The issue isn’t if cleaner solutions exist. Of course they do. Helping the helpless didn’t start in 1907 with the invention of plastic (though the industry’s growth increased suffering and therefore helplessness). The issue is the failure of imagination and responsibility of people choosing easy solutions. Hiding behind a veil of “but we’re helping people” doesn’t reduce the suffering they help fund at every level of the single-use disposable system.

Here, for example, is a video of a place that still uses plastic, but at least is reusing it. I expect that these self-righteous people I talked to would look in it for differences between the program it features and their own to say why that exact plan wouldn’t work for them instead of looking at the problem-solving process of the people to create that plan. Of course if they set themselves to it, any program imposing cruelty on others but denying it could stop hurting people.

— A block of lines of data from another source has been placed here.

Lemma half_ln1p_poly_cube_le : half_ln1p_poly (2 * a + t ^ 2) ^ 3 <= 8 * t ^ 3.
Proof.
  pose proof half_ln1p_poly_near.
  destruct (cube_bounds (half_ln1p_poly (2 * a + t ^ 2)) (2 * t)) as [_ Hhi]; [nra |].
  replace ((2 * t) ^ 3) with (8 * t ^ 3) in Hhi by ring; exact Hhi.
Qed.

End HalfLn1pPoly.

Lemma sqrt_add_half_ln1p_le L a t K :
  1 <= L -> 0 <= t <= 1 / 16 -> -t <= a <= t -> t ^ 3 <= K ->
  sqrt (L + ln (1 + (2 * a + t ^ 2)) / 2) - sqrt L <=
    1 / (2 * sqrt L) * (a + t ^ 2 / 2 - a ^ 2 + 100 * K)
    - 1 / (8 * (L * sqrt L)) * a ^ 2 + 100 * K / (L * sqrt L).
Proof.
  intros HL Ht Ha HK.
  pose proof (half_ln1p_poly_sub_le a t Ht Ha) as Hsub.
  pose proof (half_ln1p_poly_near a t Ht Ha) as Hnear.
  pose proof (sqr_sub_half_ln1p_poly_sqr_le a t Ht Ha) as Hsqr.
  pose proof (half_ln1p_poly_cube_le a t Ht Ha) as Hcube.
  set (D := half_ln1p_poly _) in *.
  assert (Hln : ln (1 + (2 * a + t ^ 2)) / 2 <= D).
  { pose proof (ln_1p_le_cubic (2 * a + t ^ 2) ltac:(nra)).
    unfold D, half_ln1p_poly; lra. }
  apply Rle_trans with (sqrt (L + D) - sqrt L).
  { apply Rplus_le_compat_r, sqrt_le_1_alt; lra. }
  eapply Rle_trans; [apply Rplus_le_compat_r, sqrt_add_le_taylor3; nra |].
  assert (Hq : 1 <= sqrt L) by (rewrite <- sqrt_1; apply sqrt_le_1_alt; lra).
  assert (Hq2 : sqrt L * sqrt L = L) by (apply sqrt_sqrt; lra).
  set (q := sqrt L) in *; rewrite <- Hq2.
  set (P := 8 * q ^ 4 * (a + t ^ 2 / 2 - a ^ 2 + 100 * K - D) + 2 * q ^ 2 * (D ^ 2 - a ^ 2)
            + 1600 * q ^ 2 * K - D ^ 3).
  assert (HP : 0 <= P).
  { assert (Hq2' : 1 <= q ^ 2) by nra.
    assert (0 <= t ^ 3) by (apply pow_le; lra).
    assert (0 <= q ^ 4 * (a + t ^ 2 / 2 - a ^ 2 + 100 * K - D))
      by (apply Rmult_le_pos; [apply pow_le |]; lra).
    assert (-12 * q ^ 2 * t ^ 3 <= q ^ 2 * (D ^ 2 - a ^ 2)) by nra.
    assert (q ^ 2 * t ^ 3 <= q ^ 2 * K) by nra.
    assert (t ^ 3 <= q ^ 2 * t ^ 3) by nra.
    unfold P; lra. }
  apply Rminus_le.
  match goal with |- ?gap <= 0 => replace gap with (- (P / (16 * q ^ 5))) by (unfold P; field; lra) end.
  enough (0 <= P / (16 * q ^ 5)) by lra.
  apply Rle_mult_inv_pos; [exact HP | pose proof (pow_lt q 5 ltac:(lra)); lra].
Qed.

Lemma norm_vadd_sqr x y : 0 < norm x ->
  norm (vadd x y) ^ 2 = norm x ^ 2 * (1 + (2 * (dot x y / norm x ^ 2) + (norm y / norm x) ^ 2)).
Proof.
  intros Hs.
  pose proof (norm_mul_self x) as Hx; pose proof (norm_mul_self y) as Hy.
  pose proof (norm_mul_self (vadd x y)) as Hxy; rewrite dot_vadd_self in Hxy.
  replace (norm (vadd x y) ^ 2) with (norm (vadd x y) * norm (vadd x y)) by ring.
  rewrite Hxy, <- Hx, <- Hy; field; lra.
Qed.

Lemma dot_div_sqr_norm_bounds x y : 0 < norm x ->
  - (norm y / norm x) <= dot x y / norm x ^ 2 <= norm y / norm x.
Proof.
  intros Hs.
  pose proof (Rabs_dot_le x y) as CS; apply Rabs_le_between in CS.
  assert (Hs2 : 0 < norm x ^ 2) by (apply pow_lt; lra).
  replace (norm y / norm x) with (norm x * norm y / norm x ^ 2) by (field; lra).
  unfold Rdiv; split; [rewrite Ropp_mult_distr_l |];
    apply Rmult_le_compat_r; try (left; apply Rinv_0_lt_compat; exact Hs2); lra.
Qed.

Lemma ln_norm_vadd x y : 0 < norm x -> 0 < norm (vadd x y) ->
  ln (norm (vadd x y)) =
    ln (norm x) + ln (1 + (2 * (dot x y / norm x ^ 2) + (norm y / norm x) ^ 2)) / 2.
Proof.
  intros Hs Hn.
  pose proof (norm_vadd_sqr x y Hs) as Hsq.
  set (v := 1 + _) in *.
  assert (Hv : 0 < v).
  { apply (Rmult_lt_reg_l (norm x ^ 2)); [apply pow_lt; lra |].
    rewrite Rmult_0_r, <- Hsq; apply pow_lt; lra. }
  apply (f_equal ln) in Hsq.
  rewrite ln_mult, !ln_pow in Hsq by (try apply pow_lt; lra).
  simpl INR in Hsq; lra.
Qed.

Lemma flog_vadd_sub_le_taylor x y E :
  1 <= ln (norm x) -> 16 <= E -> norm y <= norm x / E ->
  flog (vadd x y) - flog x <=
    1 / (2 * sqrt (ln (norm x))) *
      (dot x y / norm x ^ 2 + norm y ^ 2 / (2 * norm x ^ 2) - (dot x y) ^ 2 / norm x ^ 4
       + 100 * norm y ^ 2 / (norm x ^ 2 * E))
    - 1 / (8 * (ln (norm x) * sqrt (ln (norm x)))) * ((dot x y) ^ 2 / norm x ^ 4)
    + 100 * norm y ^ 2 / (norm x ^ 2 * E * (ln (norm x) * sqrt (ln (norm x)))).
Proof.
  intros HL HE Hy.
  assert (Hs : 0 < norm x).
  { destruct (Rle_lt_dec (norm x) 0) as [Hs0 | Hs]; [rewrite (ln_nonpos _ Hs0) in HL; lra | exact Hs]. }
  pose proof (norm_nonneg y) as Hm.
  pose proof (dot_div_sqr_norm_bounds x y Hs) as Ha.
  set (a := dot x y / norm x ^ 2) in *; set (t := norm y / norm x) in *.
  assert (Ht0 : 0 <= t) by (apply Rle_mult_inv_pos; lra).
  assert (HtE : t <= / E).
  { replace (/ E) with (norm x / E / norm x) by (field; lra).
    apply Rmult_le_compat_r; [left; apply Rinv_0_lt_compat |]; lra. }
  assert (Ht : 0 <= t <= 1 / 16).
  { pose proof (Rinv_le_contravar 16 E ltac:(lra) HE); lra. }
  assert (HK : t ^ 3 <= t ^ 2 / E).
  { replace (t ^ 3) with (t ^ 2 * t) by ring.
    apply Rmult_le_compat_l; [apply pow2_ge_0 | exact HtE]. }
  assert (Hn : 0 < norm (vadd x y)).
  { pose proof (norm_nonneg (vadd x y)); pose proof (norm_vadd_sqr x y Hs) as Hsq.
    assert (0 < norm (vadd x y) ^ 2).
    { rewrite Hsq; apply Rmult_lt_0_compat; [apply pow_lt; lra | fold a t; nra]. }
    nra. }
  assert (Hq : 0 < sqrt (ln (norm x))) by (apply sqrt_lt_R0; lra).
  rewrite !flog_sqrt_ln, (ln_norm_vadd x y Hs Hn); fold a t.
  eapply Rle_trans; [apply (sqrt_add_half_ln1p_le _ a t (t ^ 2 / E)); assumption |].
  right; unfold a, t; field; repeat split; lra.
Qed.

Lemma Rpower_1_sub x e : 0 < x -> Rpower x (1 - e) = x / Rpower x e.
Proof. intros Hx; unfold Rminus; rewrite Rpower_plus, Rpower_Ropp, Rpower_1 by lra; reflexivity. Qed.

Lemma Rpower_2_add x e : 0 < x -> Rpower x (2 + e) = x ^ 2 * Rpower x e.
Proof.
  intros Hx; replace (2 + e) with (INR 2 + e) by (simpl; ring).
  rewrite Rpower_plus, Rpower_pow by lra; reflexivity.
Qed.

Lemma Rpower_3_2 x : 0 < x -> Rpower x (3 / 2) = x * sqrt x.
Proof.
  intros Hx; replace (3 / 2) with (1 + / 2) by field.
  rewrite Rpower_plus, Rpower_1, Rpower_sqrt by lra; reflexivity.
Qed.

Theorem lemma2p2 :
  (forall x y : R * R, x <> (0, 0) ->
     flog (vadd x y) - flog x <= 1 + norm y / norm x)
  /\
  (forall eps : R, 0 < eps < 1 ->
     exists r C : R, 0 < r /\ 0 < C /\
       forall x y : R * R,
         r <= norm x ->
         norm y <= Rpower (norm x) (1 - eps) ->
         flog (vadd x y) - flog x <=
           1 / (2 * sqrt (ln (norm x))) *
             (dot x y / norm x ^ 2
              + norm y ^ 2 / (2 * norm x ^ 2)
              - (dot x y) ^ 2 / norm x ^ 4
              + C * norm y ^ 2 / Rpower (norm x) (2 + eps))
           - 1 / (8 * Rpower (ln (norm x)) (3 / 2)) * ((dot x y) ^ 2 / norm x ^ 4)
           + C * norm y ^ 2 / (Rpower (norm x) (2 + eps) * Rpower (ln (norm x)) (3 / 2))).
Proof.
  split; [exact flog_vadd_sub_le |].
  intros eps [Heps0 Heps1].
  exists (exp (15 / eps)), 100; split; [apply exp_pos | split; [lra |]].
  intros x y Hr Hy.
  assert (Hs : 0 < norm x) by (pose proof (exp_pos (15 / eps)); lra).
  assert (HepsL : 15 <= eps * ln (norm x)).
  { replace 15 with (eps * ln (exp (15 / eps))) by (rewrite ln_exp; field; lra).
    apply Rmult_le_compat_l; [lra | apply ln_le; [apply exp_pos | exact Hr]]. }
  assert (HL : 1 <= ln (norm x)) by nra.
  assert (HE : 16 <= Rpower (norm x) eps).
  { unfold Rpower; pose proof (exp_ineq1_le (eps * ln (norm x))); lra. }
  rewrite Rpower_1_sub in Hy by lra.
  rewrite Rpower_2_add, Rpower_3_2 by lra.
  now apply flog_vadd_sub_le_taylor.
Qed.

Claiming helplessness behind a veil of “but we’re helping people, do you want us to stop?” false self-righteousness helps no one.

Environmentalists

I mentioned environmentalists in the title and focused so far on a different group of do-gooders. I see the pattern in environmentalists. I happened upon this paragraph in Wikipedia’s article on Flight Shame showing how much environmentalists and Greens pollute:

In autumn 2014, a German survey shown that Green Party voters travel more often by plane: 49% flew once a year compared to 42% of Left voters, 36% of CDU/CSU (Conservatives) supporters and 32% of SPD (Labour) supporters. None of them never flew, compared to 17%, 16% and 13% for the other supporters, respectively. […] Greens supporters are often well educated and earn more than the average, and travel frequently for business and tourism. In Britain in 2015, a survey carried out by Travelzoo shown that Green Party supporters are the most likely to fly long-haul.

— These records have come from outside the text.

(* Let $(\mathcal L,\langle\,,\,\rangle)$ be a (right) Leibniz algebra over a field $\mathbf{k}$ (any dimension and characteristic) with basis $X=\{x_j\mid j\in J\}$, and let $k\in\mathbf{k}$ be nonzero. Let $((\hat A,\hat q),\hat i)$ be the free invariant algebra generated by $X$ (constructed as below), extend $\hat i$ linearly to an injective linear map $\mathcal L\to\hat A$, $x\mapsto\hat x$, and let $R$ be the two-sided ideal of $\hat A$ generated by all elements $$\widehat{\langle x,y\rangle}-\hat x\hat y+\hat y\hat x-\hat y\hat q\hat x+\hat x\hat y\hat q-k\hat x\hat q\hat y+k\hat q\hat y\hat x,\qquad x,y\in\mathcal L.$$ Let $\mathcal U:=\hat A/R$, $\bar q:=\hat q+R$, $i(x):=\hat x+R$. Then $((\mathcal U,\bar q),i)$ is the enveloping$^{\langle4\text{-th}\rangle}$ algebra of $(\mathcal L,\langle\,,\,\rangle)$.
   Context: Right Leibniz algebra: bilinear $\langle\,,\,\rangle$ with $\langle\langle x,y\rangle,z\rangle=\langle x,\langle y,z\rangle\rangle+\langle\langle x,z\rangle,y\rangle$. Invariant algebra: for an associative algebra $A$ (with identity) and idempotent $q$, $(A,q):=\{a\in A\mid qaq=qa\}$; it is a Leibniz algebra $Leib((A,q),\langle\,,\,\rangle_{4,k})$ under $\langle a,b\rangle_{4,k}:=ab-ba+bqa-abq+kaqb-kqba$. Invariant homomorphism $(A,q_A)\to(B,q_B)$: linear, multiplicative, $1_A\mapsto1_B$, $q_A\mapsto q_B$. Free invariant algebra on $X$: $V$ with basis $X\cup\{\tilde q\}$ ($\tilde q\notin X$), $I\subseteq T(V)$ the ideal generated by $\tilde q\otimes\tilde q-\tilde q$ and $\tilde q\otimes a\otimes\tilde q-\tilde q\otimes a$ ($a\in T(V)$), $\hat A=T(V)/I$, $\hat q=\tilde q+I$, $\hat i(x_j)=x_j+I$ (these are linearly independent). An enveloping$^{\langle4\text{-th}\rangle}$ algebra of $\mathcal L$ is a pair $((\mathcal U,\bar q),i)$ with $(\mathcal U,\bar q)$ an invariant algebra and $i:\mathcal L\to(\mathcal U,\bar q)$ such that (i) $i$ is a Leibniz algebra homomorphism $\mathcal L\to Leib((\mathcal U,\bar q),\langle\,,\,\rangle_{4,k})$, i.e. $i(\langle x,y\rangle)=i(x)i(y)-i(y)i(x)+i(y)\bar qi(x)-i(x)i(y)\bar q+ki(x)\bar qi(y)-k\bar qi(y)i(x)$, and (ii) for every invariant algebra $(A,q)$ and every Leibniz homomorphism $f:\mathcal L\to Leib((A,q),\langle\,,\,\rangle_{4,k})$ there is a unique invariant homomorphism $f':(\mathcal U,\bar q)\to(A,q)$ with $f=f'\circ i$. *)

From HB Require Import structures.
From mathcomp Require Import all_boot all_order all_algebra.
From Stdlib Require Import ClassicalEpsilon.
Set Implicit Arguments. Unset Strict Implicit. Unset Printing Implicit Defensive.
Import GRing.Theory.
Local Open Scope ring_scope.

Section Defs.
Variable F : fieldType.

Definition right_leibniz (L : lmodType F) (br : L -> L -> L) : Prop :=
  [/\ (forall (a : F) (x y z : L), br (a *: x + y) z = a *: br x z + br y z),
      (forall (a : F) (x y z : L), br x (a *: y + z) = a *: br x y + br x z) &
      (forall x y z : L, br (br x y) z = br x (br y z) + br (br x z) y)].

Definition is_basis (L : lmodType F) (J : eqType) (x : J -> L) : Prop :=
  (forall v : L, exists (s : seq J) (c : J -> F), v = \sum_(j <- s) c j *: x j) /\
  (forall (s : seq J) (c : J -> F), uniq s ->
      \sum_(j <- s) c j *: x j = 0 -> forall j, j \in s -> c j = 0).

Definition br4 (A : algType F) (k : F) (q : A) (a b : A) : A :=
  a * b - b * a + b * q * a - a * b * q + k *: (a * q * b) - k *: (q * b * a).

Definition inv_mem (A : algType F) (q a : A) : Prop := q * a * q = q * a.

Record algops := AlgOps {
  acar :> Type;
  azero : acar; aone : acar;
  aadd : acar -> acar -> acar; aopp : acar -> acar;
  ascale : F -> acar -> acar; amul : acar -> acar -> acar }.

Definition is_unital_algebra (U : algops) : Prop :=
  let O := azero U in let I := aone U in let add := @aadd U in
  let opp := @aopp U in let sc := @ascale U in let mul := @amul U in
  (forall a b c, add a (add b c) = add (add a b) c) /\
  (forall a b, add a b = add b a) /\
  (forall a, add O a = a) /\
  (forall a, add (opp a) a = O) /\
  (forall (r s : F) a, sc r (sc s a) = sc (r * s) a) /\
  (forall a, sc 1 a = a) /\
  (forall (r : F) a b, sc r (add a b) = add (sc r a) (sc r b)) /\
  (forall (r s : F) a, sc (r + s) a = add (sc r a) (sc s a)) /\
  (forall a b c, mul a (mul b c) = mul (mul a b) c) /\
  (forall a, mul I a = a) /\ (forall a, mul a I = a) /\
  (forall a b c, mul a (add b c) = add (mul a b) (mul a c)) /\
  (forall a b c, mul (add a b) c = add (mul a c) (mul b c)) /\
  (forall (r : F) a b, sc r (mul a b) = mul (sc r a) b) /\
  (forall (r : F) a b, sc r (mul a b) = mul a (sc r b)).

Definition br4U (U : algops) (k : F) (q a b : U) : U :=
  let add := @aadd U in let opp := @aopp U in let sc := @ascale U in
  let mul := @amul U in
  add (add (add (add (add (mul a b) (opp (mul b a))) (mul (mul b q) a))
       (opp (mul (mul a b) q))) (sc k (mul (mul a q) b)))
      (opp (sc k (mul (mul q b) a))).

Definition inv_memU (U : algops) (q a : U) : Prop :=
  amul (amul q a) q = amul q a.

Definition inv_hom (U : algops) (qbar : U) (A : algType F) (q : A) (g : U -> A)
  : Prop :=
  [/\ (forall u v, inv_memU qbar u -> inv_memU qbar v -> g (aadd u v) = g u + g v),
      (forall (r : F) u, inv_memU qbar u -> g (ascale r u) = r *: g u),
      (forall u v, inv_memU qbar u -> inv_memU qbar v -> g (amul u v) = g u * g v),
      g (aone U) = 1 /\ g qbar = q &
      (forall u, inv_memU qbar u -> inv_mem q (g u))].

Definition enveloping4 (L : lmodType F) (br : L -> L -> L) (k : F)
  (U : algops) (qbar : U) (i : L -> U) : Prop :=
  [/\ is_unital_algebra U,
      amul qbar qbar = qbar /\
      (* i is a Leibniz algebra homomorphism L -> Leib((U,qbar),<,>_{4,k}) *)
      (forall v, inv_memU qbar (i v)),
      (forall (a : F) u v, i (a *: u + v) = aadd (ascale a (i u)) (i v)),
      (forall u v, i (br u v) = br4U k qbar (i u) (i v)) &
      (forall (A : algType F) (q : A), q * q = q ->
       forall f : L -> A,
         (forall v, inv_mem q (f v)) ->
         (forall (a : F) u v, f (a *: u + v) = a *: f u + f v) ->
         (forall u v, f (br u v) = br4 k q (f u) (f v)) ->
         exists f' : U -> A,
           [/\ inv_hom qbar q f',
               (forall v, f v = f' (i v)) &
               (forall g : U -> A, inv_hom qbar q g ->
                  (forall v, f v = g (i v)) ->
                  forall u, inv_memU qbar u -> g u = f' u)])].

It only treats flying, but I’ve seen research showing that they pollute as much as everyone in many other areas.

My personal experience isn’t double-blind controlled experiment, but it tells me that when challenged on their personal, unnecessary, often self-indulgent polluting behavior, they react like cornered animals with vicious self-righteous no-holds-barred self-defense. Their main case is that individual actions don’t matter and to look at the (what they consider) good that comes from their, say, flying to Africa or Central America (as if their flying there helps instead of hurts those places). But they turn it around and attack more than reflect and introspect.

Come to think of it, I might be discounting whatever biases I’m not accounting for. What have been your experiences talking to environmentalists about their own pollution?